Tail pipes look better than new!


----------



## WP-UK (Apr 24, 2011)

I love these M3's and this is a fine example, great job :thumb:


----------



## deni2 (May 4, 2011)

Very nice, :thumb:.


----------



## DMH-01 (Mar 29, 2011)

Looks tidy mate :thumb:


----------



## R B Customs (Jul 24, 2009)

Joech92 said:


> Tail pipes look better than new!


I'll echo that!
nice job mate.


----------



## JwilliamsM (Dec 20, 2011)

R B Customs said:


> I'll echo that!
> nice job mate.


Cheers  every weekend i use meguairs nxt gen metal polish, then every other weekend the britemax twins


----------



## skorpios (Sep 11, 2011)

Joech92 said:


> Tail pipes look better than new!


+1 Mint is an understatement!


----------



## Dingo2002 (Apr 4, 2007)

Lovely shots. Had to deal with some rain myself yesterday and often wish I lived somewhere like LA lol. 
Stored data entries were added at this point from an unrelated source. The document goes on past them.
Lemma cyc_edges_rotate j : exists q : {perm 'I_n},
  cyc_edges q = cyc_edges p /\ forall i : 'I_n, i.+1 = n -> cyc_edge q i = cyc_edge p j.
Proof.
pose s : {perm 'I_n} := (perm (@ordS_inj n) ^+ j.+1)%g.
have sE x : s x = iter j.+1 (@ordS n) x.
  by rewrite /s permX; apply: eq_iter => y; rewrite permE.
have edge_s i : cyc_edge (s * p)%g i = cyc_edge p (s i).
  by rewrite /cyc_edge !permM !sE -iterSr iterS.
exists (s * p)%g; split.
  apply/setP=> e; apply/imsetP/imsetP=> -[i _ ->].
    by exists (s i); last exact: edge_s.
  by exists ((s^-1)%g i); last by rewrite [RHS]edge_s permKV.
move=> i last_i; rewrite edge_s; congr cyc_edge; apply: val_inj.
by rewrite /= sE val_iter_ordS addnS -addSn last_i modnDl modn_small.
Qed.

End CycleEdges.

(* Step i starts at a vertex that was not entered along an edge of H. *)
Definition reached_off n (H : {set {set 'I_n}}) (q : {perm 'I_n}) (i : 'I_n) : bool :=
  (i == 0 :> nat) || (cyc_edge q (ord_pred i) \notin H).

Section OffSteps.

Variables (n : nat) (q : {perm 'I_n}) (H B : {set {set 'I_n}}).
Hypothesis n_ge3 : (3 <= n)%N.
Hypothesis off_in_B : forall i, cyc_edge q i \notin H -> cyc_edge q i \in B.
Hypothesis last_in_B : forall i : 'I_n, i.+1 = n -> cyc_edge q i \in B.

Let n_gt0 : (0 < n)%N. Proof. exact: leq_trans n_ge3. Qed.
Let last_lt : (n.-1 < n)%N. Proof. by rewrite ltn_predL. Qed.
Let i_last : 'I_n := Ordinal last_lt.
Let last_B : cyc_edge q i_last \in B. Proof. by apply: last_in_B; rewrite /= prednK. Qed.
Let q_edge_inj : injective (cyc_edge q). Proof. exact: cyc_edge_inj. Qed.

Lemma card_off_steps :
  (#|[set i : 'I_n | (i.+1 < n)%N && (cyc_edge q i \notin H)]| <= #|B|.-1)%N.
Proof.
rewrite -(card_imset _ q_edge_inj) (cardsD1 (cyc_edge q i_last) B) last_B /=.
apply/subset_leq_card/subsetP => _ /imsetP[i /setIdP[i_lt off_i] ->].
rewrite in_setD1 off_in_B // andbT (inj_eq q_edge_inj).
by apply: contraTneq i_lt => ->; rewrite /= prednK ?ltnn.
Qed.

Lemma card_reached_off_steps :
  (#|[set i : 'I_n | (i.+1 < n)%N && reached_off H q i]| <= #|B|)%N.
Proof.
have B_gt0 : (0 < #|B|)%N by apply/card_gt0P; exists (cyc_edge q i_last).
pose off := [set i : 'I_n | (i.+1 < n)%N && (cyc_edge q i \notin H)].
have sub : [set i : 'I_n | (i.+1 < n)%N && reached_off H q i]
             \subset Ordinal n_gt0 |: (@ordS n @: off).
  apply/subsetP=> i /setIdP[i_lt]; rewrite /reached_off => reached; apply/setU1P.
  have [i0 | i_gt0] := posnP i; [by left; apply: val_inj | right].
  move: reached; rewrite eqn0Ngt i_gt0 /= => off_pred.
  apply/imsetP; exists (ord_pred i); last by rewrite ord_predK.
  by rewrite inE off_pred val_ord_pred // prednK // ltnW.
apply: leq_trans (subset_leq_card sub) _.
rewrite cardsU1 -(prednK B_gt0) -add1n leq_add ?leq_b1 //.
exact: leq_trans (leq_imset_card _ _) card_off_steps.
Qed.

End OffSteps.

Lemma prod_if_const (R : comPzSemiRingType) (T : finType) (P Q : pred T) (c : R) :
  \prod_(i | P i) (if Q i then c else 1) = c ^+ #|[set i | P i && Q i]|.
Proof. by rewrite -big_mkcondr -prodr_const; apply: eq_bigl => i; rewrite inE. Qed.

Lemma bernoulli (R : realDomainType) (y : R) m : -1 <= y -> 1 + m%:R * y <= (1 + y) ^+ m.
Proof.
move=> y_ge; elim: m => [|m IHm]; first by rewrite mul0r addr0 expr0.
have y1_ge0 : 0 <= 1 + y by rewrite -lerBlDl sub0r.
have := ler_wpM2r y1_ge0 IHm.
have : 0 <= m%:R * (y * y) by rewrite mulr_ge0 // -expr2 sqr_ge0.
rewrite exprSr -natr1; nra.
Qed.

Lemma one_sub_inv_expn_ge (R : realFieldType) n : (2 <= n)%N -> 1 / 8 <= (1 - 1 / n%:R) ^+ n :> R.
Proof.
move=> n_ge2; have n_ge2R : 2 <= n%:R :> R by rewrite (ler_nat R 2).
set a := 1 - 1 / n%:R; set s := n./2.
have [a_ge a_le1] : 1 / 2 <= a /\ a <= 1.
  by rewrite /a; split; [rewrite lerBrDr -lerBrDl ler_pdivrMr | rewrite gerBl divr_ge0]; lra.
have s_le : s%:R * 2 <= n%:R :> R by rewrite -natrM ler_nat muln2 -geq_half_double.
(* Bernoulli for half the exponent, then square. *)
have as_ge : 1 / 2 <= a ^+ s.
  apply: le_trans (bernoulli s (_ : -1 <= - (1 / n%:R))); last by rewrite lerN2 ler_pdivrMr; lra.
  have : s%:R * (1 / n%:R) <= 1 / 2 :> R by rewrite mulrA mulr1 ler_pdivrMr; lra.
  by rewrite mulrN; lra.
apply: le_trans (_ : a ^+ (s.*2.+1) <= a ^+ n); last first.
  by apply: ler_wiXn2l; [lra | lra | rewrite -leq_half_double].
rewrite exprS -muln2 exprM.
have : 1 / 4 <= (a ^+ s) ^+ 2 by rewrite expr2; nra.
nra.
Qed.

Section Generation.

Variables (R : realFieldType) (n : nat) (Pi : 'I_n -> 'I_n -> R).
Hypothesis Pi_ge0 : forall i j, 0 <= Pi i j.

Lemma order_prob_ge0 p : 0 <= order_prob Pi p.
Proof.
rewrite mulr_ge0 ?divr_ge0 ?prodr_ge0 // => i _.
by rewrite divr_ge0 ?sumr_ge0.
Qed.

Lemma order_prob_le_gen_prob p : order_prob Pi p <= gen_prob Pi (cyc_edges p).
Proof.
rewrite /gen_prob (bigD1 p) //= lerDl sumr_ge0 // => p' _.
exact: order_prob_ge0.
Qed.

End Generation.

Section SamplingMatrix.

Variables (R : realFieldType) (n : nat).
Local Notation a := (1 - 1 / n%:R : R).
Local Notation b := (1 / (n%:R * (n - 2)%:R) : R).

Lemma PiH_ge0 (H : {set {set 'I_n}}) i j : 0 <= PiH R H i j.
Proof.
have inv_le1 : 1 / n%:R <= 1 :> R.
  by rewrite mul1r; case: n => [|m]; rewrite ?invr0 // invf_le1 ?ler1n ?ltr0Sn.
rewrite /PiH; case: eqP => // _; case: ifP => _; first by rewrite subr_ge0.
by rewrite divr_ge0 ?mulr_ge0.
Qed.

Lemma sum_PiH_unvisited (H : {set {set 'I_n}}) (V : {set 'I_n}) x : x \in V ->
  \sum_(j | j \notin V) PiH R H x j =
  b *+ #|~: V| + (a - b) *+ #|[set j | (j \notin V) && ([set x; j] \in H)]|.
Proof.
move=> xV.
have PiH_split j : j \notin V -> PiH R H x j = b + (if [set x; j] \in H then a - b else 0).
  by move=> jV; rewrite /PiH ifN ?(contraNneq _ jV) //; [case: ifP => _; ring | move=> <-].
rewrite (eq_bigr _ PiH_split) big_split /= -big_mkcondr !sumr_const.
by congr (_ *+ _ + _ *+ _); apply: eq_card => j; rewrite !inE.
Qed.

End SamplingMatrix.

Section CycleMatrix.

Variables (R : realFieldType) (n : nat) (p0 : {perm 'I_n}).
Hypothesis n_ge4 : (4 <= n)%N.
Local Notation a := (1 - 1 / n%:R : R).
Local Notation b := (1 / (n%:R * (n - 2)%:R) : R).
Local Notation H := (cyc_edges p0).
Local Notation unvisited_nbrs V x := [set j | (j \notin V) && ([set x; j] \in H)].
Local Notation S V x := (\sum_(j | j \notin V) PiH R H x j).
Love Dodo Juice, have some Home Brew wax on my car and it's still beading like yours about 2 months after application! Great VFM!


----------



## tonyy (Jul 26, 2008)

Very nice:thumb:


----------



## Demetrios72 (Jun 27, 2011)

Very nice buddy :thumb:


----------



## Mike k (Oct 14, 2011)

Absolutely love this car. You can tell by the pics that you've not missed a single bit with the wax, everywhere is beading the water.

Really good effort mate, nice one.


----------